If this film was just about Christian Bale's character, it would be a depressing psychological piece on a stubborn man that has reached his breaking point.  It might be good, but not in the hands of director James Mangold.  Mangold is the kind of director that does a pretty good job with a movie's overall story, but he doesn't have a noticeable impact on his actors; good actors deliver good performances, while bad actors do not.  Luckily, this story has Russell Crowe's character to balance the moroseness of Bale.  Crowe turns in a performance that is both charming and filled with a sense of imminent danger.  For most of the movie, Crowe does not shoot a gun, but there is always the promise of violence when he is in a scene.  While the plot throws a lot of supporting characters into the mix, the story basically boils down to these two men.  As evil as Ben Wade clearly is, both the audience and Dan Evans have a hard time not warming to him.  For his part, Wade enjoys the company of Evans, but keeps reminding Evans that he can and will kill him, just the same.  For most of the film, the audience (and Ben Wade) assume that Evans is going through all this trouble in the hopes of a big payday, but it is really a matter of pride for a man with nothing else to be proud of.

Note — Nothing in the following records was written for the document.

(* Let $F:\mathcal C\to\mathcal D$ be a left multiadjoint and let $\mathcal M$ be a left-cancellable composable class of morphisms in $\mathcal D$. If $\perp$ is an independence relation on $\mathcal D_{\mathcal M}$ satisfying uniqueness, then the independence relation $F^{-1}(\perp)$ on $\mathcal C_{F^{-1}(\mathcal M)}$ satisfies uniqueness, where $F^{-1}(\mathcal M)$ is the class of morphisms $f$ of $\mathcal C$ with $F(f)\in\mathcal M$.
   Context: A class $\mathcal M$ of morphisms is composable if closed under composition and containing all isomorphisms, and left-cancellable if $gf\in\mathcal M$ implies $f\in\mathcal M$. $\mathcal D_{\mathcal M}$ is the subcategory with all objects and morphisms in $\mathcal M$. A functor $F$ is a left multiadjoint if for every object $D$ of $\mathcal D$ there is a family $\{e_k:F(C_k)\to D\}_{k\in K}$ such that every $e:F(C)\to D$ factors as $e=e_kF(f)$ for a unique $k$ and unique $f:C\to C_k$. A commuting square consists of $C\to A$, $C\to B$, $A\to M$, $B\to M$ with equal composites $C\to M$; base span $A\leftarrow C\to B$. An independence relation is a class of commuting squares (called independent); $F^{-1}(\perp)$ consists of the commuting squares whose image under $F$ is in $\perp$. Uniqueness: any two independent squares with the same base span $A\leftarrow C\to B$ and tops $M,M'$ can be amalgamated, i.e. there are $N$ and $M\to N$, $M'\to N$ such that the two composites $A\to N$ agree and the two composites $B\to N$ agree. *)

From Stdlib Require Import ProofIrrelevance.

Set Implicit Arguments.
Unset Strict Implicit.

(* Categories; comp g f is "g after f". *)
Record Category := {
  Ob :> Type;
  Hom : Ob -> Ob -> Type;
  idm : forall A, Hom A A;
  comp : forall A B C, Hom B C -> Hom A B -> Hom A C;
  comp_assoc : forall A B C D (h : Hom C D) (g : Hom B C) (f : Hom A B),
      comp h (comp g f) = comp (comp h g) f;
  comp_id_l : forall A B (f : Hom A B), comp (idm B) f = f;
  comp_id_r : forall A B (f : Hom A B), comp f (idm A) = f
}.

Arguments Hom {c} _ _.
Arguments idm {c} _.
Arguments comp {c A B C} _ _.

Record Functor (C D : Category) := {
  fobj :> C -> D;
  fmap : forall A B, @Hom C A B -> @Hom D (fobj A) (fobj B);
  fmap_id : forall A, fmap (idm A) = idm (fobj A);
  fmap_comp : forall A B E (g : @Hom C B E) (f : @Hom C A B),
      fmap (comp g f) = comp (fmap g) (fmap f)
}.

Arguments fmap {C D} f0 {A B} _.

Definition MorClass (C : Category) := forall A B : C, @Hom C A B -> Prop.

Definition is_iso (C : Category) (A B : C) (f : Hom A B) : Prop :=
  exists g : Hom B A, comp g f = idm A /\ comp f g = idm B.

Definition composable (C : Category) (M : MorClass C) : Prop :=
  (forall (A B E : C) (g : Hom B E) (f : Hom A B), M _ _ g -> M _ _ f -> M _ _ (comp g f))
  /\ (forall (A B : C) (f : Hom A B), is_iso f -> M _ _ f).

Definition left_cancellable (C : Category) (M : MorClass C) : Prop :=
  forall (A B E : C) (g : Hom B E) (f : Hom A B), M _ _ (comp g f) -> M _ _ f.

Definition left_multiadjoint (C D : Category) (F : Functor C D) : Prop :=
  forall d : D, exists (K : Type) (Ck : K -> C) (e : forall k, @Hom D (F (Ck k)) d),
    forall (c : C) (u : @Hom D (F c) d),
      exists (k : K) (f : @Hom C c (Ck k)),
        u = comp (e k) (fmap F f) /\
        forall (k' : K) (f' : @Hom C c (Ck k')),
          u = comp (e k') (fmap F f') ->
          existT (fun j => @Hom C c (Ck j)) k' f' = existT _ k f.

Section Sub.
Variables (C : Category) (M : MorClass C).
Hypothesis Mcomp : forall (A B E : C) (g : Hom B E) (f : Hom A B),
    @M _ _ g -> @M _ _ f -> @M _ _ (comp g f).
Hypothesis Mid : forall A : C, @M _ _ (idm A).

Definition subHom (A B : C) := { f : @Hom C A B | @M _ _ f }.
Definition subId (A : C) : subHom A A := exist _ (idm A) (Mid A).
Definition subComp (A B E : C) (g : subHom B E) (f : subHom A B) : subHom A E :=
  exist _ (comp (proj1_sig g) (proj1_sig f)) (Mcomp (proj2_sig g) (proj2_sig f)).

Lemma subComp_assoc A B E G (h : subHom E G) (g : subHom B E) (f : subHom A B) :
  subComp h (subComp g f) = subComp (subComp h g) f.
Proof. apply eq_sig_hprop; [intros; apply proof_irrelevance|]; simpl; apply comp_assoc. Qed.
Lemma subComp_id_l A B (f : subHom A B) : subComp (subId B) f = f.
Proof. apply eq_sig_hprop; [intros; apply proof_irrelevance|]; simpl; apply comp_id_l. Qed.
Lemma subComp_id_r A B (f : subHom A B) : subComp f (subId A) = f.
Proof. apply eq_sig_hprop; [intros; apply proof_irrelevance|]; simpl; apply comp_id_r. Qed.

Definition SubCat : Category :=
  {| Ob := Ob C; Hom := subHom; idm := subId; comp := subComp;
     comp_assoc := subComp_assoc; comp_id_l := subComp_id_l; comp_id_r := subComp_id_r |}.
End Sub.

Lemma composable_comp (C : Category) (M : MorClass C) (H : composable M) :
  forall (A B E : C) (g : Hom B E) (f : Hom A B), M _ _ g -> M _ _ f -> M _ _ (comp g f).
Proof. apply H. Qed.

Lemma composable_id (C : Category) (M : MorClass C) (H : composable M) :
  forall A : C, M _ _ (idm A).
Proof. intro A. apply (proj2 H). exists (idm A). split; apply comp_id_l. Qed.

Definition subcat (C : Category) (M : MorClass C) (H : composable M) : Category :=
  SubCat (composable_comp H) (composable_id H).

Definition preimage_class (C D : Category) (F : Functor C D) (M : MorClass D) : MorClass C :=
  fun A B f => M _ _ (fmap F f).

Lemma preimage_composable (C D : Category) (F : Functor C D) (M : MorClass D) :
  composable M -> composable (preimage_class F M).
Proof.
  intros [Hc Hi]; split; unfold preimage_class.
  - intros A B E g f Hg Hf. rewrite fmap_comp. now apply Hc.
  - intros A B f [g [H1 H2]]. apply Hi. exists (fmap F g).
    now rewrite <- !fmap_comp, H1, H2, !fmap_id.
Qed.

Section Restrict.
Variables (C D : Category) (F : Functor C D) (M : MorClass D) (HM : composable M).

Definition restr_map (A B : C)
  (f : @Hom (subcat (preimage_composable F HM)) A B) :
  @Hom (subcat HM) (F A) (F B) := exist _ (fmap F (proj1_sig f)) (proj2_sig f).

Lemma restr_id (A : C) : restr_map (idm (c := subcat (preimage_composable F HM)) A)
                         = idm (c := subcat HM) (F A).
Proof. apply eq_sig_hprop; [intros; apply proof_irrelevance|]; simpl; apply fmap_id. Qed.

Lemma restr_comp (A B E : C) (g : @Hom (subcat (preimage_composable F HM)) B E)
  (f : @Hom (subcat (preimage_composable F HM)) A B) :
  restr_map (comp g f) = comp (restr_map g) (restr_map f).
Proof. apply eq_sig_hprop; [intros; apply proof_irrelevance|]; simpl; apply fmap_comp. Qed.

Definition restrict : Functor (subcat (preimage_composable F HM)) (subcat HM) :=
  @Build_Functor (subcat (preimage_composable F HM)) (subcat HM)
    (fun A : C => F A) restr_map restr_id restr_comp.
End Restrict.

Record Square (X : Category) := {
  sqC : X; sqA : X; sqB : X; sqM : X;
  sqf1 : Hom sqC sqA; sqf2 : Hom sqC sqB;
  sqg1 : Hom sqA sqM; sqg2 : Hom sqB sqM;
  sq_comm : comp sqg1 sqf1 = comp sqg2 sqf2
}.

Definition IndepRel (X : Category) := Square X -> Prop.

Definition fsquare (X Y : Category) (F : Functor X Y) (s : Square X) : Square Y.
Proof.
  refine {| sqC := F (sqC s); sqA := F (sqA s); sqB := F (sqB s); sqM := F (sqM s);
            sqf1 := fmap F (sqf1 s); sqf2 := fmap F (sqf2 s);
            sqg1 := fmap F (sqg1 s); sqg2 := fmap F (sqg2 s) |}.
  rewrite <- !fmap_comp. f_equal. apply sq_comm.
Defined.

Definition preimage_rel (X Y : Category) (F : Functor X Y) (I : IndepRel Y) : IndepRel X :=
  fun s => I (fsquare F s).

Definition uniqueness (X : Category) (I : IndepRel X) : Prop :=
  forall (c a b : X) (f1 : Hom c a) (f2 : Hom c b)
         (m : X) (g1 : Hom a m) (g2 : Hom b m) (h : comp g1 f1 = comp g2 f2)
         (m' : X) (g1' : Hom a m') (g2' : Hom b m') (h' : comp g1' f1 = comp g2' f2),
    I (Build_Square h) -> I (Build_Square h') ->
    exists (n : X) (u : Hom m n) (v : Hom m' n),
      comp u g1 = comp v g1' /\ comp u g2 = comp v g2'.

(* The amalgamating maps [F m -> n] and [F m' -> n] given by uniqueness in [D_M]
   factor through the multiadjoint family at [n]; since the two given squares share
   their base span, uniqueness of factorizations forces both maps through the same
   member [e_k : F(C_k) -> n], and the factors [m -> C_k], [m' -> C_k] amalgamate the
   squares in [C].  They lie in [F^{-1}(M)] because [M] is left-cancellable. *)
From Stdlib Require Import ProofIrrelevance Eqdep.

Section MultiadjointFamily.
Variables (C D : Category) (F : Functor C D).

Definition multiadjoint_family (d : D) {K : Type} (Ck : K -> C)
    (e : forall k, @Hom D (F (Ck k)) d) : Prop :=
  forall (c : C) (u : @Hom D (F c) d),
    exists (k : K) (f : @Hom C c (Ck k)),
      u = comp (e k) (fmap F f) /\
      forall (k' : K) (f' : @Hom C c (Ck k')),
        u = comp (e k') (fmap F f') ->
        existT (fun j => @Hom C c (Ck j)) k' f' = existT _ k f.

Variables (d : D) (K : Type) (Ck : K -> C) (e : forall k, @Hom D (F (Ck k)) d).
Hypothesis He : multiadjoint_family d Ck e.

Lemma multiadjoint_factor_unique {c : C} {k k' : K}
    (f : @Hom C c (Ck k)) (f' : @Hom C c (Ck k')) :
  comp (e k) (fmap F f) = comp (e k') (fmap F f') ->
  existT (fun j => @Hom C c (Ck j)) k f = existT _ k' f'.
Proof.
  intros Eff'.
  destruct (He _ (comp (e k) (fmap F f))) as [k0 [f0 [_ Hunique]]].
  rewrite (Hunique k f eq_refl).
  symmetry; exact (Hunique k' f' Eff').
Qed.

Lemma comp_factor_fmap (c x : C) (k : K) (f : @Hom C c (Ck k)) (p : @Hom C x c) :
  comp (comp (e k) (fmap F f)) (fmap F p) = comp (e k) (fmap F (comp f p)).
Proof. now rewrite fmap_comp, comp_assoc. Qed.

Lemma multiadjoint_common_factor (m m' : C)
    (u : @Hom D (F m) d) (v : @Hom D (F m') d) (x : C)
    (p : @Hom C x m) (q : @Hom C x m') :
  comp u (fmap F p) = comp v (fmap F q) ->
  exists (k : K) (f : @Hom C m (Ck k)) (f' : @Hom C m' (Ck k)),
    u = comp (e k) (fmap F f) /\ v = comp (e k) (fmap F f') /\
    forall (y : C) (p' : @Hom C y m) (q' : @Hom C y m'),
      comp u (fmap F p') = comp v (fmap F q') -> comp f p' = comp f' q'.
Proof.
  intros Epq.
  destruct (He _ u) as [k [f [Eu _]]].
  destruct (He _ v) as [k' [f' [Ev _]]].
  assert (Ekk' : k = k').
  { refine (f_equal (@projT1 _ _) (multiadjoint_factor_unique (comp f p) (comp f' q) _)).
    now rewrite <- !comp_factor_fmap, <- Eu, <- Ev. }
  subst k'.
  exists k, f, f'; repeat split; [exact Eu | exact Ev |].
  intros y p' q' Epq'.
  apply (inj_pair2 K (fun j => @Hom C y (Ck j))), multiadjoint_factor_unique.
  now rewrite <- !comp_factor_fmap, <- Eu, <- Ev.
Qed.

End MultiadjointFamily.

Arguments multiadjoint_common_factor {C D F d K Ck e} He {m m' u v x p q}.

Lemma subcat_hom_eq (X : Category) (N : MorClass X) (HN : composable N) (A B : X)
    (f g : @Hom (subcat HN) A B) :
  proj1_sig f = proj1_sig g -> f = g.
Proof. apply eq_sig_hprop; intros; apply proof_irrelevance. Qed.

Theorem theorem4p13 (C D : Category) (F : Functor C D) (M : MorClass D)
  (HF : left_multiadjoint F) (HM : composable M) (HL : left_cancellable M)
  (perp : IndepRel (subcat HM)) :
  uniqueness perp ->
  uniqueness (preimage_rel (restrict F HM) perp).
Proof.
  intros Hu c a b f1 f2 m g1 g2 h m' g1' g2' h' H1 H2.
  destruct (Hu _ _ _ _ _ _ _ _ _ _ _ _ _ H1 H2)
    as [n [[u Mu] [[v Mv] [E1 E2]]]].
  apply (f_equal (@proj1_sig _ _)) in E1, E2; simpl in E1, E2.
  destruct (HF n) as [K [Ck [e He]]].
  destruct (multiadjoint_common_factor He E1) as [k [f [f' [Eu [Ev Hreflect]]]]].
  assert (Mf : M _ _ (fmap F f)) by (apply (HL _ _ _ (e k)); now rewrite <- Eu).
  assert (Mf' : M _ _ (fmap F f')) by (apply (HL _ _ _ (e k)); now rewrite <- Ev).
  exists (Ck k), (exist _ f Mf), (exist _ f' Mf').
  split; apply subcat_hom_eq; simpl; now apply Hreflect.
Qed.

There are a lot of supporting characters in this movie.  Most function as cannon fodder, but a few stick out.  Peter Fonda plays a Pinkerton agent that has a long history of chasing Ben Wade.  The character is more of a hired goon than a hero, but Fonda gives him depth.  Most of the other actors and characters just serve their purpose.  Alan Tudyk is servicable as a jumpy veterinarian that is out of his element.  Logan Lerman is a little obnoxious as the son of Dan Evans, but his character spends half of the film with a my-dad-is-SO-lame attitude, so it's probably not his fault.  Luke Wilson makes a cameo as a guy with bad teeth.  Dallas Roberts is fine as a cowardly railroad man and Kevin Durand is good as the same jerk he plays in every movie.  Ben Foster, though, turns in a great performance as Wade's loyal second-in-command.  Foster usually chooses supporting roles that require him to be over the top, but they're always fun to watch.  Here, he gets to have another weird accent, some odd mannerisms, and a frequently used fast draw.  The reason he is good here is that he is able to balance a clear affection for Wade with a complete disregard for the lives of everyone else.  When done right, sociopaths can be fun to watch.

This is a remake of a 1957 classic of the same name.  The original stays truer to Elmore Leonard's original short story, but this update did a good job.  The story's core is still Wade and Evans spending time together, waiting for the titular train to arrive.  The primary difference is that this movie spreads the action (and their interaction) out over a greater physical distance.  That was a smart move, because so many remakes fail when they try to imitate what made the original great.  This film manages to stand on its own, even if it does so by making Crowe's and Foster's characters, the meanest in the movie, into the most fun to watch.